Bug 1909073 - Filesystem freeze on Windows reports errors frequently [NEEDINFO]
Summary: Filesystem freeze on Windows reports errors frequently
Keywords:
Status: CLOSED ERRATA
Alias: None
Product: Red Hat Enterprise Linux 8
Classification: Red Hat
Component: virtio-win
Version: 8.3
Hardware: Unspecified
OS: Unspecified
high
high
Target Milestone: rc
: 8.0
Assignee: Virtualization Maintenance
QA Contact: dehanmeng
URL:
Whiteboard:
Depends On: 1915198
Blocks: 1985906 1934492
TreeView+ depends on / blocked
 
Reported: 2020-12-18 09:55 UTC by Roman Hodain
Modified: 2021-07-26 08:30 UTC (History)
15 users (show)

Fixed In Version:
Doc Type: If docs needed, set a value
Doc Text:
Clone Of:
: 1934492 (view as bug list)
Environment:
Last Closed: 2021-05-18 16:25:58 UTC
Type: Bug
Target Upstream Version:
ailan: needinfo? (shipatil)


Attachments (Terms of Use)
VSS_error.png (333.92 KB, image/png)
2021-03-03 01:49 UTC, dehanmeng
no flags Details

Description Roman Hodain 2020-12-18 09:55:32 UTC
Description of problem:
The following errors are observed when using FS freeze on Win system:

1) From qemu monitor
    unable to execute QEMU agent command 'guest-fsfreeze-freeze': timeout when try to receive Frozen event from VSS provider: Unspecified error

2) From VM event log

    Volume Shadow Copy Service error: Unexpected error querying for the IVssWriterCallback interface.  hr = 0x80070005, Access is denied. This is often caused by incorrect security settings in either the writer or requestor process. 


Version-Release number of selected component (if applicable):
    qemu-kvm-5.1.0-14.module+el8.3.0+8438+644aff69.x86_64

How reproducible:
    1) Time to time
    2) 100%

Comment 2 Roman Hodain 2020-12-18 10:17:49 UTC
@1 - It seems to be caused the IOs on the guest system, but it is not clear to me how much time we should wait.
The requester seems to wait just 10 seconds for the results and I am not sure if that is the right timeout. There is also 60 seconds timeout for the workers to prepare the data for the VSS snapshot. So I believe that we may fail earlier than the workers actually finish the preparation. We wait for the operation to finish in [1]. First, we do the loop just for VSS_TIMEOUT_FREEZE_MSEC/VSS_TIMEOUT_EVENT_MSEC which is the 10s. We may need 60 sec there.  Also, I am not sure why we do the loop and simply do not wait for an event from the operation. 
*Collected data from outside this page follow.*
(* Let $k\ge 2$ be an integer. Then $S_{3,2}(k;k)=k^2-k-1$.
   Context: Let $k,r$ be positive integers with $r\mid k$. A solution to $\mathcal{E}$ is a $k$-tuple $(x_1,\dots,x_k)$ of positive integers (not necessarily distinct) with $\sum_{i=1}^{k-1}x_i=x_k$; it lies in $[1,n]$ if all $x_i\in\{1,\dots,n\}$. Given a coloring $\chi$ of $[1,n]$ with colors in $\{0,1\}$ (viewed as integers), a solution is $r$-zero-sum if $\sum_{i=1}^k\chi(x_i)\equiv 0\pmod r$. $S_{3,2}(k;r)$ denotes the least positive integer $n$ such that every coloring $\chi:[1,n]\to\{0,1\}$ admits an $r$-zero-sum solution to $\mathcal{E}$ in $[1,n]$. *)

From mathcomp Require Import all_boot.
Set Implicit Arguments. Unset Strict Implicit. Unset Printing Implicit Defensive.

(* Colors are chi : nat -> bool (values
   outside [1,n] are irrelevant), viewed as 0/1 integers. *)
Definition solution_in (k n : nat) (x : 'I_k -> nat) : Prop :=
  (forall i, 1 <= x i <= n) /\
  \sum_(i < k | (i : nat) < k.-1) x i = \sum_(i < k | (i : nat) == k.-1) x i.

Definition zero_sum (r k : nat) (chi : nat -> bool) (x : 'I_k -> nat) : Prop :=
  r %| \sum_(i < k) nat_of_bool (chi (x i)).

Definition good (k r n : nat) : Prop :=
  forall chi : nat -> bool,
    exists x : 'I_k -> nat, solution_in n x /\ zero_sum r chi x.

Definition is_S32 (k r n : nat) : Prop :=
  0 < n /\ good k r n /\ forall m, 0 < m -> m < n -> ~ good k r m.

(* Since every colour is 0 or 1, a sum of k colours is divisible by k only when
   the k colours agree, so k-zero-sum solutions are exactly the monochromatic
   ones and S_{3,2}(k;k) is the 2-colour Rado number of
   x_1 + ... + x_{k-1} = x_k.  Write k = n + 2, so k^2 - k - 1 = (n+1)^2 + n.
   Upper bound: chasing the colours of 1, n+1, n+2, (n+1)^2 and (n+1)^2 + n
   through five explicit solutions of the shape a + n c = L forces a
   monochromatic one.  Lower bound: colour [n+1, (n+1)^2 - 1] apart from the
   rest; a solution inside that block has its sum at least (n+1)^2, and a
   solution outside it either has all summands at most n (so its sum lies in
   [n+1, n(n+1)], inside the block) or a summand at least (n+1)^2 (so its sum
   is at least (n+1)^2 + n). *)
From mathcomp Require Import all_boot zify.

Definition monochromatic {k : nat} (chi : nat -> bool) (x : 'I_k -> nat) : Prop :=
  exists b, forall i, chi (x i) = b.

Lemma zero_sum_monochromatic k chi (x : 'I_k -> nat) :
  zero_sum k chi x <-> monochromatic chi x.
Proof.
rewrite /zero_sum; split; last first.
  move=> [b Hb]; rewrite (eq_bigr (fun=> nat_of_bool b)) => [|i _]; last by rewrite Hb.
  by rewrite sum_nat_const card_ord dvdn_mulr.
set s := \sum_(i < k) _ => dvd_s.
have s_le_k : s <= k.
  rewrite -[k in _ <= k]card_ord -sum1_card.
  by apply: leq_sum => i _; case: (chi _).
have [s0|s_gt0] := posnP s.
  exists false => i; move: s0; rewrite /s (bigD1 i) //=.
  by case: (chi (x i)).
have s_eq_k : s = k by apply/eqP; rewrite eqn_leq s_le_k dvdn_leq.
exists true => i; apply/negPn/negP => /negbTE chi_i.
have rest_le : \sum_(j < k | j != i) nat_of_bool (chi (x j)) <= k.-1.
  apply: leq_trans (_ : \sum_(j < k | j != i) 1 <= _).
    by apply: leq_sum => j _; case: (chi _).
  by rewrite sum1_card cardC1 card_ord.
have k_gt0 : 0 < k := leq_ltn_trans (leq0n i) (ltn_ord i).
move: s_eq_k rest_le; rewrite /s (bigD1 i) //= chi_i add0n => ->; lia.
Qed.

Lemma solution_inE n N (x : 'I_n.+2 -> nat) :
  solution_in N x <->
  (forall i, 1 <= x i <= N) /\
  \sum_(i < n.+1) x (widen_ord (leqnSn _) i) = x ord_max.
Proof.
rewrite /solution_in /=.
have -> : \sum_(i < n.+2 | (i : nat) < n.+1) x i =
          \sum_(i < n.+1) x (widen_ord (leqnSn _) i).
  rewrite big_mkcond big_ord_recr /= ltnn addn0.
  by apply: eq_bigr => i _; rewrite /= ltn_ord.
have -> : \sum_(i < n.+2 | (i : nat) == n.+1) x i = x ord_max.
  rewrite big_mkcond big_ord_recr /= eqxx big1 // => i _.
  by rewrite /= ltn_eqF.
by [].
Qed.

Lemma leq_elem_sum_pos {m} (F : 'I_m -> nat) (j : 'I_m) :
  (forall i, 0 < F i) -> F j + m.-1 <= \sum_(i < m) F i.
Proof.
move=> F_pos; rewrite (bigD1 j) //= leq_add2l.
apply: leq_trans (_ : \sum_(i < m | i != j) 1 <= _).
  by rewrite sum1_card cardC1 card_ord.
by apply: leq_sum => i _; exact: F_pos.
Qed.

Definition affine_tuple (n a c L : nat) : 'I_n.+2 -> nat :=
  fun i => if (i : nat) == n.+1 then L else if (i : nat) == 0 then a else c.

Lemma affine_tuple_witness n N chi a c L :
  0 < a -> 0 < c -> a + n * c = L -> L <= N ->
  chi a = chi L -> chi c = chi L ->
  exists x : 'I_n.+2 -> nat, solution_in N x /\ zero_sum n.+2 chi x.
Proof.
move=> a_gt0 c_gt0 eL LN chi_a chi_c; exists (affine_tuple n a c L); split.
  apply/solution_inE; split.
    move=> i; rewrite /affine_tuple.
    case: ifP => [_|/negbT i_neq]; first lia.
    case: ifP => [_|/negbT i0]; first lia.
    have n_gt0 : 0 < n by have := ltn_ord i; lia.
    have := leq_pmull c n_gt0; lia.
  rewrite /affine_tuple /= eqxx big_ord_recl /=.
  rewrite (eq_bigr (fun=> c)) => [|i _]; last by rewrite /= /bump /= add1n eqSS ltn_eqF.
  by rewrite sum_nat_const card_ord.
apply/(zero_sum_monochromatic _ _ _); exists (chi L) => i; rewrite /affine_tuple.
by case: ifP => // _; case: ifP.
Qed.

Lemma bool_eq_or_neg (b p : bool) : b = p \/ b = ~~ p.
Proof. by case: b; case: p; auto. Qed.

Lemma good_upper n : good n.+2 n.+2 (n.+1 ^ 2 + n).
Proof.
move=> chi; set N := _ + n; set p := chi 1.
have [e1|e1] := bool_eq_or_neg (chi n.+1) p.
  by apply: (@affine_tuple_witness _ _ _ 1 1 n.+1); rewrite ?e1 //; lia.
have [e2|e2] := bool_eq_or_neg (chi (n.+1 ^ 2)) (~~ p).
  by apply: (@affine_tuple_witness _ _ _ n.+1 n.+1 (n.+1 ^ 2)); rewrite ?e1 ?e2 //; lia.
rewrite negbK in e2.
have [e3|e3] := bool_eq_or_neg (chi n.+2) p.
  by apply: (@affine_tuple_witness _ _ _ 1 n.+2 (n.+1 ^ 2)); rewrite ?e2 ?e3 //; lia.
have [e4|e4] := bool_eq_or_neg (chi N) (~~ p).
  by apply: (@affine_tuple_witness _ _ _ n.+1 n.+2 N); rewrite ?e1 ?e3 ?e4 //; lia.
rewrite negbK in e4.
by apply: (@affine_tuple_witness _ _ _ (n.+1 ^ 2) 1 N); rewrite ?e2 ?e4 //; lia.
Qed.

Definition block_coloring (n v : nat) : bool := (n.+1 <= v) && (v < n.+1 ^ 2).

Lemma block_coloring_not_monochromatic n (y : 'I_n.+1 -> nat) L b :
  (forall i, 0 < y i) -> \sum_(i < n.+1) y i = L -> L < n.+1 ^ 2 + n ->
  (forall i, block_coloring n (y i) = b) -> block_coloring n L = b -> False.
Proof.
rewrite /block_coloring => y_pos sumL L_lt y_col L_col.
case: b y_col L_col => y_col L_col.
  have : \sum_(i < n.+1) n.+1 <= L.
    by rewrite -sumL; apply: leq_sum => i _; have := y_col i; lia.
  rewrite sum_nat_const card_ord; lia.
have L_gt_n : n < L.
  by have := leq_elem_sum_pos y ord0 y_pos; have := y_pos ord0; rewrite sumL; lia.
have [j /= y_big | y_small] := pickP (fun j => n.+1 ^ 2 <= y j).
  have := leq_elem_sum_pos y j y_pos; rewrite sumL; lia.
have : L <= \sum_(i < n.+1) n.
  rewrite -sumL; apply: leq_sum => i _; have := y_col i; have := y_small i; lia.
rewrite sum_nat_const card_ord; lia.
Qed.

Lemma not_good_below n m : m < n.+1 ^ 2 + n -> ~ good n.+2 n.+2 m.
Proof.
move=> m_lt /(_ (block_coloring n)).
move=> [x [/solution_inE [x_range sumL] /zero_sum_monochromatic [b x_col]]].
apply: (@block_coloring_not_monochromatic n
          (fun i => x (widen_ord (leqnSn _) i)) (x ord_max) b) => //.
- by move=> i; case/andP: (x_range (widen_ord (leqnSn _) i)).
- by case/andP: (x_range ord_max) => _; lia.
Qed.

Theorem mainTheorem6 (k : nat) (hk : 2 <= k) : is_S32 k k (k ^ 2 - k - 1).
Proof.
case: k hk => [|[|n]] // _.
have -> : n.+2 ^ 2 - n.+2 - 1 = n.+1 ^ 2 + n by lia.
split; first lia.
split; first exact: good_upper.
by move=> m _ m_lt; apply: not_good_below.
Qed.
Lemma card_list_set (V : finType) m (L : V -> seq nat) v : m_assignment m L ->
  #|list_set L v| = m.
Proof.
move=> assign_L; have [uniq_L size_L] := assign_L v.
by rewrite card_ord_in_list // => c; apply: color_bound_gt.
Qed.

Section ThetaTwoTwoEvenColourings.
Variable k : nat.
Hypothesis k_gt0 : 0 < k.
Local Notation l := (tl 2 2 (2 * k)).
Local Notation V := (theta_vertex l).
Local Notation r := (2 * k).-1.

Lemma chrom_theta m : 2 <= m -> chrom V (theta_adj l) m = theta_chrom m r.
Proof.
move=> m_ge2; have -> : chrom V (theta_adj l) m =
    #|[set f : {ffun V -> 'I_m} | [forall v, f v \in [set: 'I_m]] &&
        proper (theta_adj l) (fun v => val (f v))]|.
  apply: eq_card => f; rewrite !inE.
  by have -> : [forall v, f v \in [set: 'I_m]] by apply/forallP => v; rewrite inE.
rewrite (card_theta_list_colourings k_gt0 val_inj (fun=> [set: 'I_m])).
apply: theta_sum_const m_ge2 (odd_pred_mul2 k_gt0) _ _; first by rewrite cardsT card_ord.
by move=> i; rewrite /long_lists; case: insub.
Qed.

Lemma P_list_theta (L : V -> seq nat) :
  P_list (theta_adj l) L =
  theta_sum (list_set L (vu k)) (list_set L (vw k)) (list_set L (va k))
            (list_set L (vb k)) (long_lists (list_set L)) r.
Proof.
rewrite /P_list -(card_theta_list_colourings k_gt0 val_inj).
by apply: eq_card => f; rewrite !inE; congr (_ && _); apply: eq_forallb => v; rewrite inE.
Qed.

End ThetaTwoTwoEvenColourings.
Lemma lt_hit_time t : 0 <= t < hit_time phi r -> phi t < r.
Proof.
  intros Ht. destruct hit_time_glb as [Hlb _].
  destruct (Rlt_or_le (phi t) r) as [Hlt|Hge]; [exact Hlt|].
  pose proof hit_time_in01. assert (Et : E t) by (split; [lra | exact Hge]).
  pose proof (Hlb t Et). lra.
Qed.

Lemma hit_time_reached : phi (hit_time phi r) = r.
Proof.
  set (tau := hit_time phi r). pose proof hit_time_in01 as T.
  destruct hit_time_glb as [Hlb Hgr]. fold tau in T, Hlb, Hgr.
  apply Rle_antisym.
  - destruct (Rle_or_lt (phi tau) r) as [Hle|Hlt]; [exact Hle|]. exfalso.
    assert (Hpos : 0 < tau) by (destruct (Req_dec tau 0) as [E0|]; [rewrite E0 in Hlt|]; lra).
    destruct (phi_cont tau T (phi tau - r) ltac:(lra)) as (d & Hd & Hs).
    assert (Hleft : exists t, 0 <= t < tau /\ tau - t < d)
      by (exists (Rmax 0 (tau - d / 2)); unfold Rmax; destruct Rle_dec; lra).
    destruct Hleft as (t & Ht & Htd).
    pose proof (Hs t ltac:(split; lra) ltac:(rewrite Rabs_left; lra)) as Hclose.
    pose proof (lt_hit_time t Ht). apply Rabs_def2 in Hclose. lra.
  - destruct (Rle_or_lt r (phi tau)) as [Hle|Hlt]; [exact Hle|]. exfalso.
    destruct (phi_cont tau T (r - phi tau) ltac:(lra)) as (d & Hd & Hs).
    enough (tau + d <= tau) by lra.
    apply Hgr. intros x (Hx & Hxr). destruct (Rle_or_lt (tau + d) x) as [|Hx']; [assumption|].
    pose proof (Hlb x (conj Hx Hxr)).
    pose proof (Hs x Hx ltac:(rewrite Rabs_pos_eq; lra)) as Hclose.
    apply Rabs_def2 in Hclose. lra.
Qed.

End HitTime.

(* Witnessed by the first hitting times of the levels. *)
Lemma level_crossings phi (l : nat -> R) N : continuous01 phi ->
  (forall k, l k <= l (S k)) -> phi 0 = l O ->
  (exists t0, 0 <= t0 <= 1 /\ l N <= phi t0) ->
  exists tau : nat -> R, partition 0 (tau N) N tau /\ tau N <= 1 /\
    forall k, (k <= N)%nat -> phi (tau k) = l k /\ forall t, 0 <= t <= tau k -> phi t <= l k.
Proof.
  intros Hc Hl H0 (t0 & Ht0 & HN).
  assert (Hmono : forall i j, (i <= j)%nat -> l i <= l j).
  { intros i j Hij. induction Hij; [lra|]. pose proof (Hl m). lra. }
  set (tau k := hit_time phi (l k)).
  assert (Htau : forall k, (k <= N)%nat ->
            0 <= tau k <= 1 /\ phi (tau k) = l k /\ forall t, 0 <= t < tau k -> phi t < l k).
  { intros k Hk.
    assert (H0k : phi 0 <= l k) by (rewrite H0; apply Hmono; lia).
    assert (Hreach : exists t, 0 <= t <= 1 /\ l k <= phi t)
      by (exists t0; pose proof (Hmono k N Hk); split; [exact Ht0 | lra]).
    repeat split; try apply hit_time_in01; auto.
    - apply hit_time_reached; auto.
    - intros t Ht. apply (lt_hit_time phi (l k)); auto. }
  exists tau. split; [|split].
  - repeat split.
    + destruct (Htau 0%nat ltac:(lia)) as (T & _ & Hbefore).
      destruct (Rle_or_lt (tau 0%nat) 0) as [|Hpos]; [lra|].
      pose proof (Hbefore 0 ltac:(split; lra)). lra.
    + intros k Hk. destruct (Htau k ltac:(lia)) as (T1 & E1 & B1).
      destruct (Htau (S k) ltac:(lia)) as (T2 & E2 & _).
      destruct (Rle_or_lt (tau k) (tau (S k))) as [|Hlt]; [assumption|].
      pose proof (Hl k). pose proof (B1 (tau (S k)) ltac:(split; lra)). lra.
  - apply Htau; lia.
  - intros k Hk. destruct (Htau k Hk) as (T & E & B). split; [exact E|].
    intros t Ht. destruct (Req_dec t (tau k)) as [->|]; [lra|]. left. apply B. lra.
Qed.

Definition bary1 (a b c x : pt) := cross x b c / cross a b c.
Definition bary2 (a b c x : pt) := cross a x c / cross a b c.
Definition bary3 (a b c x : pt) := cross a b x / cross a b c.

Definition bary_pt (a b c : pt) (m1 m2 m3 : R) : pt :=
  (m1 * fst a + m2 * fst b + m3 * fst c, m1 * snd a + m2 * snd b + m3 * snd c).

Definition centroid a b c := bary_pt a b c (1/3) (1/3) (1/3).

Section Triangle.

Variables a b c : pt.
Hypothesis nondeg : cross a b c <> 0.

Let G := open_triangle a b c.

Lemma open_triangle_bary x :
  G x <-> 0 < bary1 a b c x /\ 0 < bary2 a b c x /\ 0 < bary3 a b c x.
Proof.
  unfold G, bary1, bary2, bary3. split.
  - intros (l1 & l2 & l3 & H1 & H2 & H3 & Hs & Hx & Hy).
    replace l1 with (1 - l2 - l3) in * by lra.
    replace (cross x b c) with ((1 - l2 - l3) * cross a b c)
      by (unfold cross; rewrite Hx, Hy; ring).
    replace (cross a x c) with (l2 * cross a b c) by (unfold cross; rewrite Hx, Hy; ring).
    replace (cross a b x) with (l3 * cross a b c) by (unfold cross; rewrite Hx, Hy; ring).
    unfold Rdiv. rewrite !Rmult_assoc, !Rinv_r, !Rmult_1_r by exact nondeg. lra.
  - intros (H1 & H2 & H3). exists (cross x b c / cross a b c), (cross a x c / cross a b c),
      (cross a b x / cross a b c).
    unfold cross in *. repeat split; auto; field; auto.
Qed.

Lemma bary_pt_coords m1 m2 m3 : m1 + m2 + m3 = 1 ->
  bary1 a b c (bary_pt a b c m1 m2 m3) = m1 /\ bary2 a b c (bary_pt a b c m1 m2 m3) = m2 /\
  bary3 a b c (bary_pt a b c m1 m2 m3) = m3.
Proof.
  intros Hs. unfold bary1, bary2, bary3, bary_pt. unfold cross in *; cbn [fst snd].
  replace m3 with (1 - m1 - m2) by lra. repeat split; field; exact nondeg.
Qed.

Lemma open_triangle_bary_pt m1 m2 m3 : 0 < m1 -> 0 < m2 -> 0 < m3 -> m1 + m2 + m3 = 1 ->
  G (bary_pt a b c m1 m2 m3).
Proof. intros. exists m1, m2, m3. repeat split; auto. Qed.

(* Points on the edges are approached along the segment towards the centroid. *)
Lemma boundary_bary_pt m1 m2 m3 : 0 <= m1 -> 0 <= m2 -> 0 <= m3 -> m1 + m2 + m3 = 1 ->
  (m1 = 0 \/ m2 = 0 \/ m3 = 0) -> boundary G (bary_pt a b c m1 m2 m3).
Proof.
  intros H1 H2 H3 Hs Hz. set (p := bary_pt a b c m1 m2 m3). split.
  - intros eps He. set (q := centroid a b c). pose proof (dist_ge0 p q) as Hd.
    set (eta := Rmin 1 (eps / (2 * (dist p q + 1)))).
    assert (0 < eps / (2 * (dist p q + 1))) by (apply Rdiv_lt_0_compat; lra).
    assert (0 < eta) by (apply Rmin_glb_lt; lra).
    assert (eta <= 1) by apply Rmin_l.
    assert (Heta : eta * (2 * (dist p q + 1)) <= eps).
    { pose proof (Rmin_r 1 (eps / (2 * (dist p q + 1)))) as Hr. fold eta in Hr.
      apply Rmult_le_compat_r with (r := 2 * (dist p q + 1)) in Hr; [|lra].
      replace (eps / (2 * (dist p q + 1)) * (2 * (dist p q + 1))) with eps in Hr
        by (field; lra). exact Hr. }
    exists (segment p q eta). split.
    + exists ((1 - eta) * m1 + eta / 3), ((1 - eta) * m2 + eta / 3), ((1 - eta) * m3 + eta / 3).
      repeat split; try nra; unfold segment, p, q, centroid, bary_pt; cbn [fst snd]; field.
    + rewrite dist_segment_start, Rabs_pos_eq by lra. nra.
  - intros Hp. apply open_triangle_bary in Hp.
    destruct (bary_pt_coords m1 m2 m3 Hs) as (E1 & E2 & E3). fold p in E1, E2, E3. lra.
Qed.

Lemma vertex_boundary : boundary G a.
Proof.
  assert (Ha : bary_pt a b c 1 0 0 = a)
    by (unfold bary_pt; destruct a; cbn [fst snd]; f_equal; ring).
  pose proof (boundary_bary_pt 1 0 0) as Hb. rewrite Ha in Hb. apply Hb; lra.
Qed.

Lemma dG_le_dist z y : boundary G y -> dG G z <= dist z y.
Proof.
  intros Hy. apply Rinf_lb; [|exists y; auto].
  exists 0. intros r (y' & _ & ->). apply dist_ge0.
Qed.

Definition bary_lip :=
  (Rabs (snd b - snd c) + Rabs (fst c - fst b) + Rabs (snd c - snd a) + Rabs (fst a - fst c)
   + Rabs (snd a - snd b) + Rabs (fst b - fst a)) / Rabs (cross a b c) + 1.

Lemma bary_lip_ge1 : 1 <= bary_lip.
Proof.
  unfold bary_lip. pose proof (Rabs_pos_lt _ nondeg).
  enough (0 <= (Rabs (snd b - snd c) + Rabs (fst c - fst b) + Rabs (snd c - snd a)
    + Rabs (fst a - fst c) + Rabs (snd a - snd b) + Rabs (fst b - fst a)) / Rabs (cross a b c))
    by lra.
  unfold Rdiv. apply Rmult_le_pos; [|left; apply Rinv_0_lt_compat, H].
  repeat apply Rplus_le_le_0_compat; apply Rabs_pos.
Qed.

Lemma Rabs_bary_diff_le u v (w z : pt) : Rabs u + Rabs v <= (bary_lip - 1) * Rabs (cross a b c) ->
  Rabs ((u * (fst w - fst z) + v * (snd w - snd z)) / cross a b c) <= bary_lip * dist w z.
Proof.
  intros Huv. pose proof (Rabs_pos_lt _ nondeg). pose proof (dist_ge0 w z).
  pose proof bary_lip_ge1.
  unfold Rdiv. rewrite Rabs_mult, Rabs_inv. apply Rdiv_le_of_le_mul; [exact H|].
  eapply Rle_trans; [apply Rabs_linear_form_le|]. nra.
Qed.

Lemma bary_lipschitz w z :
  Rabs (bary1 a b c w - bary1 a b c z) <= bary_lip * dist w z /\
  Rabs (bary2 a b c w - bary2 a b c z) <= bary_lip * dist w z /\
  Rabs (bary3 a b c w - bary3 a b c z) <= bary_lip * dist w z.
Proof.
  assert (HL : (bary_lip - 1) * Rabs (cross a b c) =
     Rabs (snd b - snd c) + Rabs (fst c - fst b) + Rabs (snd c - snd a) + Rabs (fst a - fst c)
     + Rabs (snd a - snd b) + Rabs (fst b - fst a))
    by (unfold bary_lip; field; apply Rabs_no_R0, nondeg).
  pose proof (Rabs_pos (snd b - snd c)). pose proof (Rabs_pos (fst c - fst b)).
  pose proof (Rabs_pos (snd c - snd a)). pose proof (Rabs_pos (fst a - fst c)).
  pose proof (Rabs_pos (snd a - snd b)). pose proof (Rabs_pos (fst b - fst a)).
  unfold bary1, bary2, bary3. repeat split.
  - replace (cross w b c / cross a b c - cross z b c / cross a b c) with
      (((snd b - snd c) * (fst w - fst z) + (fst c - fst b) * (snd w - snd z)) / cross a b c)
      by (unfold cross; field; exact nondeg).
    apply Rabs_bary_diff_le. lra.
  - replace (cross a w c / cross a b c - cross a z c / cross a b c) with
      (((snd c - snd a) * (fst w - fst z) + (fst a - fst c) * (snd w - snd z)) / cross a b c)
      by (unfold cross; field; exact nondeg).
    apply Rabs_bary_diff_le. lra.
  - replace (cross a b w / cross a b c - cross a b z / cross a b c) with
      (((snd a - snd b) * (fst w - fst z) + (fst b - fst a) * (snd w - snd z)) / cross a b c)
      by (unfold cross; field; exact nondeg).
    apply Rabs_bary_diff_le. lra.
Qed.

Definition bary_min z := Rmin (bary1 a b c z) (Rmin (bary2 a b c z) (bary3 a b c z)).

Lemma bary_min_le z :
  bary_min z <= bary1 a b c z /\ bary_min z <= bary2 a b c z /\ bary_min z <= bary3 a b c z.
Proof.
  unfold bary_min. pose proof (Rmin_l (bary1 a b c z) (Rmin (bary2 a b c z) (bary3 a b c z))).
  pose proof (Rmin_r (bary1 a b c z) (Rmin (bary2 a b c z) (bary3 a b c z))).
  pose proof (Rmin_l (bary2 a b c z) (bary3 a b c z)).
  pose proof (Rmin_r (bary2 a b c z) (bary3 a b c z)). lra.
Qed.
@2 - I did some investigation and the error seems to be initiated by the Network Service that receives the request for preparing data from the system worker. I can be mitigated by adding system permissions to "NETWORK SERVICE" account. Is there a way to filter out the problematic services?

[1]: https://github.com/qemu/qemu/blob/master/qga/vss-win32/requester.cpp#L440

Comment 4 dehanmeng 2020-12-21 09:49:12 UTC
(In reply to Roman Hodain from comment #0)
> Description of problem:
> The following errors are observed when using FS freeze on Win system:
> 
> 1) From qemu monitor
>     unable to execute QEMU agent command 'guest-fsfreeze-freeze': timeout
> when try to receive Frozen event from VSS provider: Unspecified error
> 
> 2) From VM event log
> 
>     Volume Shadow Copy Service error: Unexpected error querying for the
> IVssWriterCallback interface.  hr = 0x80070005, Access is denied. This is
> often caused by incorrect security settings in either the writer or
> requestor process. 
> 
Hi Roman,
Are there no other settings and operations? actually, I couldn't reproduce it with target version of qemu-kvm on windows guest. qga command "guest-fsfreeze-freeze" executed successfully without any wrong event return or timeout situation. so what about any settings for VSS in guest? can you provide more details to help to reproduce this issue? thanks in advance.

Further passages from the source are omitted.